What’s happening in Brazil is connected to the same systems that have harmed Black Americans’ environmental health and ultimately threatened their survival. Rev. Dr. Benjamin Chavis, a former NAACP executive director, coined the term environmental racism in the 1980s, to describe the kinds of conditions Black Americans have lived in as citizens since being trafficked to America from Africa 400 years ago. 

“It is the deliberate targeting of people-of-color communities for toxic waste facilities and the official sanctioning of a life-threatening of poisons and pollutants in people-of-color communities,” he said at the time. “It is also manifested in the history of excluding people of color from leadership in the environmental movement.” 

Decades later, this still rings true. According to a 2018 report from the Environmental Protection Agency, Black Americans are three times more likely to die from air pollution than White Americans.

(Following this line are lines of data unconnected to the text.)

(* Intermediate value theorem: if [A^* p] has no zero in the convex set
   [Om /\ B(x0, tau)], it keeps the sign of [A^* p (x0)] there. *)
Lemma Astar_sign_constant p x0 tau : Om x0 ->
  (forall z, Om z -> dist_pt d z x0 <= tau -> Astar m a p z <> 0) ->
  forall y, Om y -> dist_pt d y x0 <= tau -> 0 < Astar m a p x0 * Astar m a p y.
Proof.
  intros Hx0 Hnz y Hy Hdy; set (g := Astar m a p).
  assert (Hd0 : dist_pt d x0 x0 <= tau)
    by (rewrite dist_pt_refl; pose proof (norm2_nonneg d (vsub y x0)); unfold dist_pt in *; lra).
  assert (Hg0 : g x0 <> 0) by now apply Hnz.
  assert (Hgy : g y <> 0) by now apply Hnz.
  apply Rnot_le_lt; intro Hle.
  assert (Hneg : g x0 * g y < 0)
    by (destruct Hle as [|E]; auto; apply Rmult_integral in E; tauto).
  set (phi := fun t => - (g x0 * g (seg x0 y (clamp t)))).
  assert (Hphi : continuity phi).
  { apply (continuity_opp (fun t => g x0 * g (seg x0 y (clamp t)))).
    apply (continuity_scal (fun t => g (seg x0 y (clamp t)))).
    now apply Astar_clamped_seg_continuous. }
  destruct (IVT phi 0 1 Hphi ltac:(lra)) as [c [Hc Hphic]];
    unfold phi; rewrite ?clamp_id, ?seg_1 by lra.
  - unfold seg; rewrite line_0.
    assert (0 < g x0 * g x0) by (apply Rsqr_pos_lt; auto). lra.
  - lra.
  - assert (Hzero : g x0 * g (seg x0 y (clamp c)) = 0) by (unfold phi in Hphic; lra).
    apply (Hnz (seg x0 y (clamp c)));
      [apply HOmconv, clamp_in; auto | apply seg_in_ball; auto; apply clamp_in |].
    destruct (Rmult_integral _ _ Hzero); [contradiction | auto].
Qed.

Lemma abs_Astar_near p y sg : Om y -> Rabs sg = 1 -> 0 < sg * Astar m a p y ->
  exists rho, 0 < rho /\ forall z, inR d z -> dist_pt d z y < rho ->
    Om z /\ Rabs (Astar m a p z) = sg * Astar m a p z.
Proof.
  intros Hy Hsg Hpos; destruct (HOmopen y Hy) as [r1 [Hr1 Hball]].
  destruct (frechet_continuous d _ _ _ (Astar_grad p y Hy) _ Hpos) as [del [Hdel Hcont]].
  exists (Rmin r1 del); split; [now apply Rmin_glb_lt|].
  intros z Hz Hdz; pose proof (Rmin_l r1 del); pose proof (Rmin_r r1 del).
  split; [apply Hball; auto; lra|].
  specialize (Hcont (vsub z y) (inR_vsub _ _ _ Hz (HOmsub y Hy))
                ltac:(unfold dist_pt in Hdz; lra)).
  replace (vadd y (vsub z y)) with z in Hcont by pt_ring.
  assert (Hclose : Rabs (sg * (Astar m a p z - Astar m a p y)) < sg * Astar m a p y)
    by (rewrite Rabs_mult, Hsg; lra).
  pose proof (Rle_abs (- (sg * (Astar m a p z - Astar m a p y)))); rewrite Rabs_Ropp in *.
  rewrite <- (Rmult_1_l (Rabs (Astar m a p z))), <- Hsg, <- Rabs_mult.
  apply Rabs_pos_eq; lra.
Qed.

Lemma hessian_abs_Astar p y sg H : Om y -> Rabs sg = 1 -> 0 < sg * Astar m a p y ->
  has_hessian d (fun z => Rabs (Astar m a p z)) y H ->
  forall v, inR d v -> quad d H v = sg * quad d (D2Astar m d2a p y) v.
Proof.
  intros Hy Hsg Hpos [r [G [Hr [HG HH]]]] v Hv.
  destruct (abs_Astar_near p y sg Hy Hsg Hpos) as [rho [Hrho Hnear]].
  set (rho' := Rmin r rho / (norm2 d v + 1)).
  assert (Hrho' : 0 < rho')
    by (apply Rdiv_lt_0_compat; [apply Rmin_glb_lt | pose proof (norm2_nonneg d v)]; lra).
  assert (Hline : forall t, Rabs t < rho' -> inR d (vadd y (vscal t v)) /\
            dist_pt d (vadd y (vscal t v)) y < r /\ dist_pt d (vadd y (vscal t v)) y < rho).
  { intros t Ht; pose proof (Rmin_l r rho); pose proof (Rmin_r r rho).
    destruct (line_point_near d y v (Rmin r rho) t (HOmsub y Hy) Hv
                ltac:(now apply Rmin_glb_lt) Ht) as [Hin Hd].
    repeat split; auto; lra. }
  assert (HGline : forall t, Rabs t < rho' ->
    dot d (G (vadd y (vscal t v))) v = sg * dot d (DAstar m da p (vadd y (vscal t v))) v).
  { intros t Ht; destruct (Hline t Ht) as [Hin [Hdr Hdrho]].
    apply (deriv_unique_local (fun u => Rabs (Astar m a p (vadd y (vscal u v))))
             (mult_real_fct sg (fun u => Astar m a p (vadd y (vscal u v)))) t).
    - apply (frechet_line_deriv d (fun z => Rabs (Astar m a p z))); auto.
    - apply derivable_pt_lim_scal, Astar_line_deriv; auto; now apply Hnear.
    - exists (rho' - Rabs t); split; [lra|]; intros u Hu.
      assert (Hu' : Rabs u < rho').
      { pose proof (Rabs_triang (u - t) t); replace (u - t + t) with u in * by ring; lra. }
      destruct (Hline u Hu') as [Hin' [_ Hd']]; now apply Hnear. }
  replace (quad d H v) with (fsum d (fun j => dot d (H j) v * v j))
    by (unfold quad, dot at 1, matvec; apply fsum_ext; intros; unfold dot; ring).
  apply (deriv_unique_local (fun u => fsum d (fun j => G (vadd y (vscal u v)) j * v j))
           (mult_real_fct sg (fun u => dot d (DAstar m da p (vadd y (vscal u v))) v)) 0).
  - apply (deriv_fsum d (fun j u => G (vadd y (vscal u v)) j)); intros j Hj.
    apply (frechet_line_deriv d (fun z => G z j)); rewrite ?line_0; auto.
  - apply derivable_pt_lim_scal.
    pose proof (DAstar_line_deriv p y v 0 ltac:(now rewrite line_0) Hv) as D2.
    now rewrite line_0 in D2.
  - exists rho'; split; auto; intros t Ht; rewrite Rminus_0_r in Ht.
    unfold mult_real_fct; rewrite <- HGline by auto; reflexivity.
Qed.

Section SourceCondition.

Variables (kappa kappa_grad kappa_hess : R).
Hypothesis Hkappa : is_upper_bound (fun r => exists q x, inR m q /\ norm2 m q <= 1 /\
  Om x /\ r = Rabs (Astar m a q x)) kappa.
Hypothesis Hkappa_grad : is_upper_bound (fun r => exists q x, inR m q /\ norm2 m q <= 1 /\
  Om x /\ r = norm2 d (DAstar m da q x)) kappa_grad.
Hypothesis Hkappa_hess : is_upper_bound (fun r => exists q x v, inR m q /\ norm2 m q <= 1 /\
  Om x /\ inR d v /\ norm2 d v <= 1 /\ r = norm2 d (matvec d (D2Astar m d2a q x) v)) kappa_hess.

Variables (s : nat) (xi : nat -> pt) (qstar : pt) (tau0 gamma : R).
Hypothesis Hxi : forall i, (i < s)%nat -> Om (xi i).
Hypothesis Hqstar : inR m qstar.
Hypothesis Hfeas : forall x, Om x -> Rabs (Astar m a qstar x) <= 1.
Hypothesis Hpeak : forall i, (i < s)%nat -> Rabs (Astar m a qstar (xi i)) = 1.
Hypothesis Htau0 : 0 < tau0.
Hypothesis Hgamma : 0 < gamma.
Hypothesis Hnear : forall x, Om x ->
  (exists i, (i < s)%nat /\ dist_pt d x (xi i) <= tau0) ->
  gamma * tau0 ^ 2 / 2 <= Rabs (Astar m a qstar x) /\
  exists H, has_hessian d (fun y => Rabs (Astar m a qstar y)) x H /\
    forall v, inR d v -> quad d H v <= - gamma * (norm2 d v) ^ 2.
Hypothesis Hfar : forall x, Om x ->
  (forall i, (i < s)%nat -> tau0 <= dist_pt d x (xi i)) ->
  Rabs (Astar m a qstar x) <= 1 - gamma * tau0 ^ 2 / 2.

For example in Flint, Michigan, residents, predominately black and poor, lived without clean water for years after the Mayor switched the water supply from the Detroit water system to the Flint River in 2014, with the intention to cut costs. The levels of lead in children’s blood increased during this time. A report by the Michigan Civil Rights Commission in 2017 found that “The people of Flint have been subjected to unprecedented harm and hardship, much of it caused by structural and systemic discrimination and racism that have corroded your city, your institutions, and your water pipes, for generations.” 

In the predominately Black town of Reserve, Louisiana, located between Baton Rouge and New Orleans, residents are 50 more times likely to be diagnosed with cancer than anywhere else in the country, according to the Environmental Protection Agency. Because residents face such a high risk, the town is known as “Cancer Alley.” There are 100 petrochemical plants and refineries located in the town of 10,000. 

As Black Americans watch another case of environmental injustice unfold abroad, the distance from the crisis may make them feel removed from it. However, they can stand in solidarity by remembering environmental injustices may not be much farther away from their own doorsteps. Clean water, air, and environments in America are at risk for contamination and resources for them are at risk of being destroyed every day. Organizations such as South Bronx Unite, in the Bronx, the Deep South Center for Environmental Justice at Dillard University, and WE ACT for Environmental Justice in Harlem, are some of the folks committed to doing the work to dismantle these issues.